In 2001, Nie's group at Emory published an article in Nature Biotechnology describing dots with a cadmium-selenium core and a zinc sulfate shell. The dots possess a curious property seen only at the nanoscale: the color of light they emit depends solely on their size. Dots with a diameter of 2 nanometers emit red, while 6-nanometer dots produce blue. (See News, Vol. 95, No. 7, p. 502.)
After years of painstaking work, the team has improved the dots' design to an incredible degree. Instead of simply emitting one color of light, the fourth-generation dots emit an "optical barcode" that includes various levels of red, green, and blue. "We thought we were making a new discovery, but then we realized that televisions do the same thing," said Nie, referring to TVs and computer monitors that display millions of colors by combining the red, green, and blue in myriad combinations.
The potential applications astound, including the ability to label thousands of genes with individual colors, or tags. Reading and interpreting such rainbows would require sophisticated software, but Nie points to gene microarrays as a model for such data-intensive analysis. "We will be able to look at gene activation at the cellular level in real time," he said.
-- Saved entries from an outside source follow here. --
(* For every $n\ge1$, if $T\in\mathcal{T}_n$ satisfies $\mathcal{C}(T)=c_n$, then $\mathcal{S}(T)=\min\{\mathcal{S}(T'):T'\in\mathcal{T}_n\}$.
   Context: Bifurcating trees: rooted trees in which every internal node has exactly two children, considered up to isomorphism; $\mathcal{T}_n$ is the set of such trees with $n$ leaves. For a node $w$, $\kappa_T(w)$ is its number of descendant leaves. The Colless index is $\mathcal{C}(T)=\sum_{v}|\kappa_T(v_1)-\kappa_T(v_2)|$, summed over internal nodes $v$ with children $v_1,v_2$; $c_n=\min\{\mathcal{C}(T):T\in\mathcal{T}_n\}$. The Sackin index is $\mathcal{S}(T)=\sum_{x}\delta_T(x)$, the sum over leaves $x$ of their depth (number of edges from the root), equivalently $\sum_{v}\kappa_T(v)$ over internal nodes $v$. *)

From mathcomp Require Import all_boot.
Set Implicit Arguments. Unset Strict Implicit. Unset Printing Implicit Defensive.

(* Rooted bifurcating trees: every internal node has exactly two children.
   Represented as (ordered) binary trees; Colless and Sackin indices are
   invariant under swapping children, so minima over T_n are unaffected. *)
Inductive btree : Type :=
| Leaf : btree
| Node : btree -> btree -> btree.

Fixpoint leaves (t : btree) : nat :=
  match t with
  | Leaf => 1
  | Node l r => leaves l + leaves r
  end.

Definition absdiff (a b : nat) : nat := (a - b) + (b - a).

Fixpoint colless (t : btree) : nat :=
  match t with
  | Leaf => 0
  | Node l r => absdiff (leaves l) (leaves r) + colless l + colless r
  end.

Fixpoint sackin (t : btree) : nat :=
  match t with
  | Leaf => 0
  | Node l r => leaves l + leaves r + sackin l + sackin r
  end.

From mathcomp Require Import all_boot zify.

(* Let c n be defined by the recursion c 0 = c 1 = 0 and
   c n = c (n %/ 2) + c (n - n %/ 2) + (n mod 2) for n >= 2.
   1. Splitting a + b leaves into a and b costs at least c (a + b):
      c (a + b) <= |a - b| + c a + c b  (cmin_split_le).  By induction on the
      tree, c (leaves T) <= colless T, and the maximally balanced tree attains
      it, so c n is the minimal Colless index c_n.
   2. Equality in 1. with a, b > 0 forces a and b into a common dyadic range
      [2^k, 2^(k+1)]  (cmin_split_eq).
   3. For every k, every tree satisfies  n (k + 2) <= S(T) + 2^(k+1).
      Call (k, n, S) tight when n lies in [2^k, 2^(k+1)] and equality holds.
   4. In a Colless-minimal tree every subtree is Colless-minimal and every
      split is an equality case of 1., so by 2. and induction the tree is
      tight for some k; the bound 3. for that k then shows that no tree with
      n leaves has a smaller Sackin index. *)

(* The recursion defining c n, run with explicit fuel (halving is not
   structural); enough fuel makes the value independent of the fuel. *)
Fixpoint cmin_fuel (fuel n : nat) : nat :=
  if fuel is f.+1 then
    if n <= 1 then 0 else cmin_fuel f n./2 + cmin_fuel f (uphalf n) + odd n
  else 0.

Lemma cmin_fuel_enough f g n :
  n <= f -> n <= g -> cmin_fuel f n = cmin_fuel g n.
Proof.
elim: f g n => [|f IH] [|g] n //= le_nf le_ng; try by have -> : n = 0 by lia.
case: ifP => // /negbT n_gt1.
by rewrite (IH g n./2) ?(IH g (uphalf n)) //; lia.
Qed.

(* c n, the minimal Colless index of a tree with n leaves (shown below). *)
Definition cmin (n : nat) : nat := cmin_fuel n n.

Lemma cmin_rec n :
  1 < n -> cmin n = cmin n./2 + cmin (uphalf n) + odd n.
Proof.
rewrite /cmin; case: n => // f n_gt1 /=; rewrite leqNgt n_gt1 /=.
by rewrite (cmin_fuel_enough f (f.+1)./2) ?(cmin_fuel_enough f (uphalf f.+1)) //; lia.
Qed.

Lemma cmin0 : cmin 0 = 0. Proof. by []. Qed.
Lemma cmin1 : cmin 1 = 0. Proof. by []. Qed.

(* The recursion specialised to even and odd arguments, valid for all m;
   minn m 1 absorbs the exceptional value c 1 = 0. *)
Lemma cmin_double m : cmin (m + m) = cmin m + cmin m.
Proof.
case: (posnP m) => [-> //|m_gt0].
rewrite cmin_rec; last lia.
have -> : (m + m)./2 = m by lia.
have -> : uphalf (m + m) = m by lia.
have -> : odd (m + m) = false by rewrite addnn odd_double.
by rewrite addn0.
Qed.

Lemma cmin_double_succ m : cmin (m + m + 1) = cmin m + cmin (m + 1) + minn m 1.
Proof.
case: (posnP m) => [-> //|m_gt0].
rewrite cmin_rec; last lia.
have -> : (m + m + 1)./2 = m by lia.
have -> : uphalf (m + m + 1) = m + 1 by lia.
have -> : odd (m + m + 1) by rewrite addn1 /= addnn odd_double.
lia.
Qed.

Lemma absdiffC a b : absdiff a b = absdiff b a.
Proof. by rewrite /absdiff addnC. Qed.

(* Step 1: a root split into a and b leaves costs at least c (a + b).
   Strong induction on a + b, after halving both parts. *)
Lemma cmin_split_le a b : cmin (a + b) <= absdiff a b + cmin a + cmin b.
Proof.
have [n] := ubnP (a + b); elim: n a b => // n IH a b lt_ab_n.
(* By symmetry, if exactly one part is odd then it is b. *)
wlog par_ab : a b lt_ab_n / odd a ==> odd b.
  move=> W; case/boolP: (odd a ==> odd b) => [|par_ba]; first exact: W.
  rewrite addnC absdiffC addnAC; apply: W; first by rewrite addnC.
  by move: par_ba; case: (odd a); case: (odd b).
have succ_le m : 0 < m -> m + 1 < n -> cmin (m + 1) <= m.-1 + cmin m.
  by move=> m_gt0 /IH; rewrite cmin1 /absdiff; lia.
have [x [y [pa [pb [Ea Eb par]]]]] : exists x y (pa pb : bool),
    [/\ a = x + x + pa, b = y + y + pb & pa ==> pb].
  by exists a./2, b./2, (odd a), (odd b); split => //; lia.
subst a b; case: pa pb par lt_ab_n {par_ab} => [] [] //= _ lt_n.
-
  rewrite (_ : _ + _ = (x + y + 1) + (x + y + 1)); last by lia.
  rewrite !cmin_double !cmin_double_succ.
  case: (posnP x) => [->|x_gt0]; case: (posnP y) => [->|y_gt0] //;
    rewrite ?add0n ?addn0 ?cmin0 ?cmin1 /absdiff.
  + by have := succ_le y y_gt0 ltac:(lia); lia.
  + by have := succ_le x x_gt0 ltac:(lia); lia.
  + have := IH (x + 1) y ltac:(lia); have := IH x (y + 1) ltac:(lia).
    by rewrite (addnAC x 1 y) (addnA x y 1) /absdiff; lia.
-
  rewrite addn0 (_ : _ + _ = (x + y) + (x + y) + 1); last by lia.
  rewrite cmin_double !cmin_double_succ.
  case: (posnP y) => [->|y_gt0].
  + case: (posnP x) => [->|x_gt0] //; rewrite ?add0n ?addn0 ?cmin0 ?cmin1 /absdiff.
    by have := succ_le x x_gt0 ltac:(lia); lia.
  + have := IH x y ltac:(lia); have := IH x (y + 1) ltac:(lia).
    by rewrite (addnA x y 1) /absdiff; lia.
-
  rewrite !addn0 (_ : _ + _ = (x + y) + (x + y)); last by lia.
  rewrite !cmin_double; case: (posnP (x + y)) => [|xy_gt0].
    by move/eqP; rewrite addn_eq0 => /andP[/eqP-> /eqP->].
  by have := IH x y ltac:(lia); rewrite /absdiff; lia.
Qed.

Definition dyadic (k n : nat) : bool := 2 ^ k <= n <= 2 ^ k.+1.

Lemma dyadicS k n : dyadic k n -> dyadic k.+1 (n + n).
Proof. by rewrite /dyadic !expnS; lia. Qed.

Lemma dyadic_exists n : 0 < n -> exists k, dyadic k n.
Proof.
move=> n_gt0; have /andP[lo hi] := @trunc_log_bounds 2 n erefl n_gt0.
by exists (trunc_log 2 n); rewrite /dyadic lo ltnW.
Qed.

Lemma cmin_split_odd_lt x y : y < x ->
  cmin ((x + x + 1) + (y + y + 1)) <
    absdiff (x + x + 1) (y + y + 1) + cmin (x + x + 1) + cmin (y + y + 1).
Proof.
move=> lt_yx; rewrite (_ : _ + _ = (x + y + 1) + (x + y + 1)); last by lia.
rewrite !cmin_double !cmin_double_succ /absdiff.
case: (posnP y) => [->|y_gt0].
  by have := cmin_split_le x 1; rewrite cmin1 /absdiff !addn0; lia.
have := cmin_split_le (x + 1) y; have := cmin_split_le x (y + 1).
by rewrite (addnAC x 1 y) (addnA x y 1) /absdiff; lia.
Qed.

(* Step 2 (ordered form): in an equality case of cmin_split_le, both parts
   lie in a common dyadic range; the halves are again an equality case. *)
Lemma cmin_split_eq_ord a b : 0 < b <= a ->
  cmin (a + b) = absdiff a b + cmin a + cmin b -> exists k, dyadic k a && dyadic k b.
Proof.
have [n] := ubnP (a + b); elim: n a b => // n IH a b lt_ab_n /andP[b_gt0 le_ba] E.
have [<-|neq_ab] := eqVneq a b.
  by have [k k_a] := dyadic_exists a (leq_trans b_gt0 le_ba); exists k; rewrite k_a.
have split_le := cmin_split_le; rewrite /absdiff in split_le E.
have [x [y [pa [pb [Ea Eb]]]]] : exists x y (pa pb : bool), a = x + x + pa /\ b = y + y + pb.
  by exists a./2, b./2, (odd a), (odd b); split; lia.
subst a b; case: pa pb E lt_ab_n le_ba neq_ab b_gt0 => [] [] /= E lt_n le_ba neq_ab b_gt0.
-
  by have := cmin_split_odd_lt x y ltac:(lia); rewrite /absdiff; lia.
-
  move: E; rewrite addn0 (_ : _ + _ = (x + y) + (x + y) + 1); last by lia.
  rewrite !cmin_double !cmin_double_succ => E.
  have := split_le x y; have := split_le (x + 1) y; rewrite (addnAC x 1 y) => le1 le2.
  have [|||k /andP[]] := IH (x + 1) y _ _ _; try lia.
    by rewrite /absdiff (addnAC x 1 y); lia.
  by exists k.+1; move: a b; rewrite /dyadic !expnS; lia.
-
  move: E; rewrite addn0 (_ : _ + _ = (x + y) + (x + y) + 1); last by lia.
  rewrite !cmin_double !cmin_double_succ => E.
  case: (posnP y) => [y0|y_gt0].
    subst y; move: E; rewrite ?add0n ?addn0 ?cmin0 ?cmin1 => E.
    have := split_le x 1; rewrite cmin1 => le1.
    have x1 : x = 1 by lia.
    by subst x; exists 0.
  have := split_le x y; have := split_le x (y + 1); rewrite (addnA x y 1) => le1 le2.
  have [|||k /andP[]] := IH x y _ _ _; try lia.
    by rewrite /absdiff; lia.
  by exists k.+1; move: a b; rewrite /dyadic !expnS; lia.
-
  move: E; rewrite !addn0 (_ : _ + _ = (x + y) + (x + y)); last by lia.
  rewrite !cmin_double => E; have := split_le x y => le1.
  have [|||k /andP[]] := IH x y _ _ _; try lia.
    by rewrite /absdiff; lia.
  by move=> /dyadicS kx /dyadicS ky; exists k.+1; rewrite kx ky.
Qed.

Lemma cmin_split_eq a b : 0 < a -> 0 < b ->
  cmin (a + b) = absdiff a b + cmin a + cmin b -> exists k, dyadic k a && dyadic k b.
Proof.
move=> a_gt0 b_gt0 E; case: (leqP b a) => [le_ba | /ltnW le_ab].
  by apply: cmin_split_eq_ord; rewrite // b_gt0.
have [||k /andP[k_b k_a]] := cmin_split_eq_ord b a; first by rewrite a_gt0.
  by rewrite addnC absdiffC addnAC.
by exists k; rewrite k_a k_b.
Qed.

Lemma leaves_gt0 t : 0 < leaves t.
Proof. by elim: t => //= l IHl r IHr; rewrite addn_gt0 IHl. Qed.

Lemma cmin_le_colless t : cmin (leaves t) <= colless t.
Proof.
elim: t => //= l IHl r IHr.
by have := cmin_split_le (leaves l) (leaves r); lia.
Qed.

(* ... and it is attained (by the maximally balanced tree), so c n = c_n. *)
Lemma cmin_attained n : 0 < n -> exists t, leaves t = n /\ colless t = cmin n.
Proof.
have [m] := ubnP n; elim: m n => // m IH n lt_nm n_gt0.
have [x [En | En]] : exists x, n = x + x \/ n = x + x + 1 by exists n./2; lia.
- subst n; have [t [leaves_t colless_t]] := IH x ltac:(lia) ltac:(lia).
  by exists (Node t t); rewrite /= leaves_t colless_t cmin_double /absdiff subnn.
- subst n; case: (posnP x) => [-> | x_gt0]; first by exists Leaf.
  have [t [leaves_t colless_t]] := IH x ltac:(lia) ltac:(lia).
  have [u [leaves_u colless_u]] := IH (x + 1) ltac:(lia) ltac:(lia).
  exists (Node u t); rewrite /= leaves_t leaves_u colless_t colless_u cmin_double_succ.
  by rewrite /absdiff; lia.
Qed.

Lemma colless_min_node l r :
  colless (Node l r) = cmin (leaves (Node l r)) ->
  [/\ colless l = cmin (leaves l), colless r = cmin (leaves r) &
      cmin (leaves l + leaves r) =
        absdiff (leaves l) (leaves r) + cmin (leaves l) + cmin (leaves r)].
Proof.
move=> /= colless_lr.
have := cmin_le_colless l; have := cmin_le_colless r.
by have := cmin_split_le (leaves l) (leaves r); split; lia.
Qed.

Lemma sackin_lower_bound k t : leaves t * (k + 2) <= sackin t + 2 ^ k.+1.
Proof.
elim: t k => [|l IHl r IHr] k /=.
  by rewrite mul1n expnS; have := ltn_expl k (ltnSn 1); lia.
have := leaves_gt0 l; have := leaves_gt0 r.
case: k => [|k]; first by have := IHl 0; have := IHr 0; lia.
by have := IHl k; have := IHr k; rewrite (expnS 2 k.+1); lia.
Qed.

Definition sackin_tight (k n s : nat) : Prop :=
  dyadic k n /\ s + 2 ^ k.+1 = n * (k + 2).

Lemma dyadic_overlap j k n :
  dyadic j n -> dyadic k n -> j < k -> k = j.+1 /\ n = 2 ^ k.
Proof.
rewrite /dyadic => /andP[_ le_n_j] /andP[le_k_n _] lt_jk.
have le_kj : k <= j.+1 by rewrite -(@leq_exp2l 2) //; exact: leq_trans le_k_n le_n_j.
have ek : k = j.+1 by apply/eqP; rewrite eqn_leq le_kj lt_jk.
by subst k; split => //; apply/eqP; rewrite eqn_leq le_n_j le_k_n.
Qed.

Lemma sackin_tight_reindex j k n s :
  sackin_tight j n s -> dyadic k n -> sackin_tight k n s.
Proof.
move=> [jn E] kn; split => //.
have [lt_jk | lt_kj | <- //] := ltngtP j k.
- have [ek en] := dyadic_overlap j k n jn kn lt_jk; subst k n.
  by move: E; rewrite !expnS; nia.
- have [ej en] := dyadic_overlap k j n kn jn lt_kj; subst j n.
  by move: E; rewrite !expnS; nia.
Qed.

Lemma sackin_tight_node k a b sa sb :
  sackin_tight k a sa -> sackin_tight k b sb ->
  sackin_tight k.+1 (a + b) (a + b + sa + sb).
Proof.
rewrite /sackin_tight /dyadic !expnS => -[/andP[a_lo a_hi] Ea] [/andP[b_lo b_hi] Eb].
by split; [apply/andP; split|]; nia.
Qed.

Lemma colless_min_sackin_tight t :
  colless t = cmin (leaves t) -> exists k, sackin_tight k (leaves t) (sackin t).
Proof.
elim: t => [_|l IHl r IHr /colless_min_node[min_l min_r split_eq]].
  by exists 0.
have [kl tight_l] := IHl min_l; have [kr tight_r] := IHr min_r.
have [k /andP[dy_l dy_r]] := cmin_split_eq _ _ (leaves_gt0 l) (leaves_gt0 r) split_eq.
exists k.+1; apply: sackin_tight_node.
- exact: sackin_tight_reindex tight_l dy_l.
- exact: sackin_tight_reindex tight_r dy_r.
Qed.

Theorem proposition9 (n : nat) (T : btree) :
  1 <= n ->
  leaves T = n ->
  (forall T' : btree, leaves T' = n -> colless T <= colless T') ->
  forall T' : btree, leaves T' = n -> sackin T <= sackin T'.
Proof.
move=> n_gt0 leaves_T T_min T' leaves_T'.
have [T0 [leaves_T0 colless_T0]] := cmin_attained n n_gt0.
have colless_T : colless T = cmin (leaves T).
  by apply/eqP; rewrite eqn_leq cmin_le_colless leaves_T -colless_T0 T_min.
have [k [_ sackin_T]] := colless_min_sackin_tight T colless_T.
by have := sackin_lower_bound k T'; rewrite leaves_T' -leaves_T; lia.
Qed.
When tracking tumors, physicians "need quantitative information about protein levels and genes and tumor size," said Wickline. "You want to be able to say, `This tumor decreased by 50%' instead of `This big blob looks less gray.'" Wickline's team is working on nanoparticles that detect nascent capillaries that signal angiogenesis and tumor formation.
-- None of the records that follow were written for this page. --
(* Assume the standing setup below. Let $s$ be a real number such that for some index $i$ with $1\le i\le k$ we have $s_i\le s$ and $s+r<s_{i+1}$. Then: (1) the simplicial complex $V_s(X)(y)$ is connected (and nonempty); (2) the function $\pi_0V_s(X)\to\pi_0V_s(Y)$, $[x]_{s,X}\mapsto[x]_{s,Y}$, induced by the inclusion $V_s(X)\subseteq V_s(Y)$, is a bijection.
   Context: For a finite set $Z\subset\mathbb{R}^n$ and a real number $s\ge 0$, the Vietoris–Rips complex $V_s(Z)$ is the simplicial complex with vertex set $Z$ whose simplices are the nonempty subsets $\sigma\subseteq Z$ with $d(z,z')\le s$ for all $z,z'\in\sigma$ ($d$ the Euclidean distance). For $z\in Z$, $[z]_{s,Z}\subseteq Z$ denotes the set of vertices of the path component of $V_s(Z)$ containing $z$. Standing setup: $X\subset\mathbb{R}^n$ is a finite set with at least two points, $y\in\mathbb{R}^n\setminus X$, $Y=X\sqcup\{y\}$. The phase change numbers of $X$ are the distinct values $0=s_0<s_1<\dots<s_k$ of $d(x,x')$ for $x,x'\in X$; set $s_{k+1}=+\infty$. There are $x_0\in X$ and a real $r>0$ with $d(y,x_0)<r$ and $r<s_{i+1}-s_i$ for all $0\le i<k$. For $s\ge0$, $V_s(X)(y)$ denotes the full subcomplex of $V_s(X)$ on the set of vertices $x\in X$ with $[x]_{s,Y}=[y]_{s,Y}$ (a full subcomplex on a vertex set $W$ consists of all simplices whose vertices all lie in $W$). *)

(* points of R^n are row vectors 'rV[R]_n over a real closed
   field R (R = the reals is the intended instance). *)
From HB Require Import structures.
From mathcomp Require Import all_boot all_order all_algebra.
Set Implicit Arguments. Unset Strict Implicit. Unset Printing Implicit Defensive.
Import Order.TTheory GRing.Theory Num.Theory.
Local Open Scope ring_scope.

Definition dist {R : rcfType} {n : nat} (x y : 'rV[R]_n) : R :=
  Num.sqrt (\sum_(i < n) (x ord0 i - y ord0 i) ^+ 2).

(* A simplicial complex on vertices of type V, given by its set of simplices
   (a simplex is represented by a finite list of its vertices). *)
Definition complex (V : Type) := seq V -> Prop.

Definition VR {R : rcfType} {n : nat} (s : R) (Z : seq 'rV[R]_n)
  : complex 'rV[R]_n :=
  fun sigma => sigma <> [::] /\ {subset sigma <= Z} /\
    (forall a b, a \in sigma -> b \in sigma -> dist a b <= s).

Fixpoint chain {V : Type} (K : complex V) (u : V) (p : seq V) : Prop :=
  match p with
  | [::] => True
  | v :: p' => K [:: u; v] /\ chain K v p'
  end.

Definition ppath {V : Type} (K : complex V) (u v : V) : Prop :=
  K [:: u] /\ exists p : seq V, chain K u p /\ last u p = v.

Definition comp {V : Type} (K : complex V) (u : V) : V -> Prop :=
  fun v => ppath K u v.

Definition cls {R : rcfType} {n : nat} (s : R) (Z : seq 'rV[R]_n)
  (z : 'rV[R]_n) : 'rV[R]_n -> Prop := comp (VR s Z) z.

Definition full {V : eqType} (K : complex V) (W : V -> Prop) : complex V :=
  fun sigma => K sigma /\ (forall v, v \in sigma -> W v).

Definition VsXy {R : rcfType} {n : nat} (s : R) (X : seq 'rV[R]_n)
  (y : 'rV[R]_n) : complex 'rV[R]_n :=
  full (VR s X) (fun x => cls s (y :: X) x = cls s (y :: X) y).

Definition connected {V : Type} (K : complex V) : Prop :=
  (exists v, K [:: v]) /\ (forall u v, K [:: u] -> K [:: v] -> ppath K u v).

(* C is an element of pi_0 K *)
Definition isComp {V : Type} (K : complex V) (C : V -> Prop) : Prop :=
  exists x, K [:: x] /\ C = comp K x.

(* The assignment [x]_{K1} |-> [x]_{K2} (x a vertex of K1) is a well-defined
   function pi_0 K1 -> pi_0 K2, and it is a bijection. *)
Definition pi0_induced_bijective {V : Type} (K1 K2 : complex V) : Prop :=
  let rel := fun C D => exists x, K1 [:: x] /\ C = comp K1 x /\ D = comp K2 x in
  (forall C, isComp K1 C ->
     exists D, [/\ isComp K2 D, rel C D & forall D', rel C D' -> D' = D]) /\
  (forall D, isComp K2 D ->
     exists C, [/\ isComp K1 C, rel C D &
                   forall C', isComp K1 C' -> rel C' D -> C' = C]).

(* phase change numbers s_0 < s_1 < ... < s_k of X, as a sorted list *)
Definition phase {R : rcfType} {n : nat} (X : seq 'rV[R]_n) : seq R :=
  sort <=%R (undup [seq dist a b | a <- X, b <- X]).

From Pilot Require Import Defs.
From HB Require Import structures.
From mathcomp Require Import all_boot all_order all_algebra.
From mathcomp Require Import ring lra.
From Stdlib Require Import FunctionalExtensionality PropExtensionality.
Import Order.TTheory GRing.Theory Num.Theory.
Local Open Scope ring_scope.

(* Let K1 = V_s(X) and K2 = V_s(Y), Y = X + {y}.  The vertex map
   f : Y -> X sending y to x0 and fixing X is a retraction of K2 onto K1 that
   is simplicial and moves every vertex only inside its own K2-component.  The
   combinatorial heart is then an abstract statement about such "component
   retractions" of a subcomplex K1 <= K2: the induced map pi_0 K1 -> pi_0 K2
   is a bijection, and for every vertex y of K2 the full subcomplex of K1 on
   the vertices K2-connected to y is connected (it is reached from f y).
   The only geometric input is that f is simplicial, i.e. that
   d(y,z) <= s forces d(x0,z) <= s for z in X: by the triangle inequality
   d(x0,z) < s + r, and d(x0,z) is a phase change number, none of which lies
   in the gap (s, s + r) because s_i <= s and s + r < s_(i+1). *)

Section EuclideanDistance.
Variables (R : rcfType) (n : nat).

Lemma sumsq_ge0 (a : 'I_n -> R) : 0 <= \sum_i a i ^+ 2.
Proof. by apply: sumr_ge0 => i _; exact: sqr_ge0. Qed.

Lemma sumsq_eq0 (a : 'I_n -> R) : \sum_i a i ^+ 2 = 0 -> forall i, a i = 0.
Proof.
move/eqP; rewrite psumr_eq0 => [/allP Ha i|i _]; last exact: sqr_ge0.
by apply/eqP; rewrite -sqrf_eq0; apply: Ha; rewrite mem_index_enum.
Qed.

Lemma cauchy_schwarz (a b : 'I_n -> R) :
  \sum_i a i * b i <= Num.sqrt (\sum_i a i ^+ 2) * Num.sqrt (\sum_i b i ^+ 2).
Proof.
set A := \sum_i a i ^+ 2; set B := \sum_i b i ^+ 2.
have [/sumsq_eq0 a0|nzA] := eqVneq A 0.
  by rewrite big1 ?mulr_ge0 ?sqrtr_ge0 // => i _; rewrite a0 mul0r.
have [/sumsq_eq0 b0|nzB] := eqVneq B 0.
  by rewrite big1 ?mulr_ge0 ?sqrtr_ge0 // => i _; rewrite b0 mulr0.
set al := Num.sqrt A; set be := Num.sqrt B.
have alA : al ^+ 2 = A := sqr_sqrtr (sumsq_ge0 a).
have beB : be ^+ 2 = B := sqr_sqrtr (sumsq_ge0 b).
have al_gt0 : 0 < al by rewrite sqrtr_gt0 lt0r nzA sumsq_ge0.
have be_gt0 : 0 < be by rewrite sqrtr_gt0 lt0r nzB sumsq_ge0.
(* 0 <= sum_i (a_i be - b_i al)^2 = 2 al be (al be - sum_i a_i b_i) *)
have expand : \sum_i (a i * be - b i * al) ^+ 2
    = A * be ^+ 2 - 2 * (\sum_i a i * b i) * (al * be) + B * al ^+ 2.
  rewrite /A /B mulr_sumr !mulr_suml -sumrN -!big_split /=.
  by apply: eq_bigr => i _; ring.
have := sumsq_ge0 (fun i => a i * be - b i * al); rewrite expand -alA -beB.
have := mulr_gt0 al_gt0 be_gt0; nra.
Qed.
But two challenges may hamper quantum dots' utility: their inability to penetrate deep into tissue and their perceived safety problems. If the individual particles remain intact, they present no toxicity issues, according to mouse data from Nie and others. But toxicologists are concerned that the weakly radioactive cadmium ions could somehow break free and damage organs. "To see toxicity, you have to dissolve [the dots]. Our data show that this doesn't happen in the liver or anywhere else," said Nie. "But I don't know if the FDA will buy that." Several groups are working on quantum dots made completely from nontoxic elements, but none have advanced as far as the cadmium dots.
Such early nanodetection, coupled with nanodelivery of drugs that concentrate cancer-killing power while limiting toxicity, could transform oncology. "Everyone wants nanoscale imaging and attomole drug delivery, but it's not easy," said Wickline. "The real test [is] enticing companies to spend the money it takes to bring these things to market."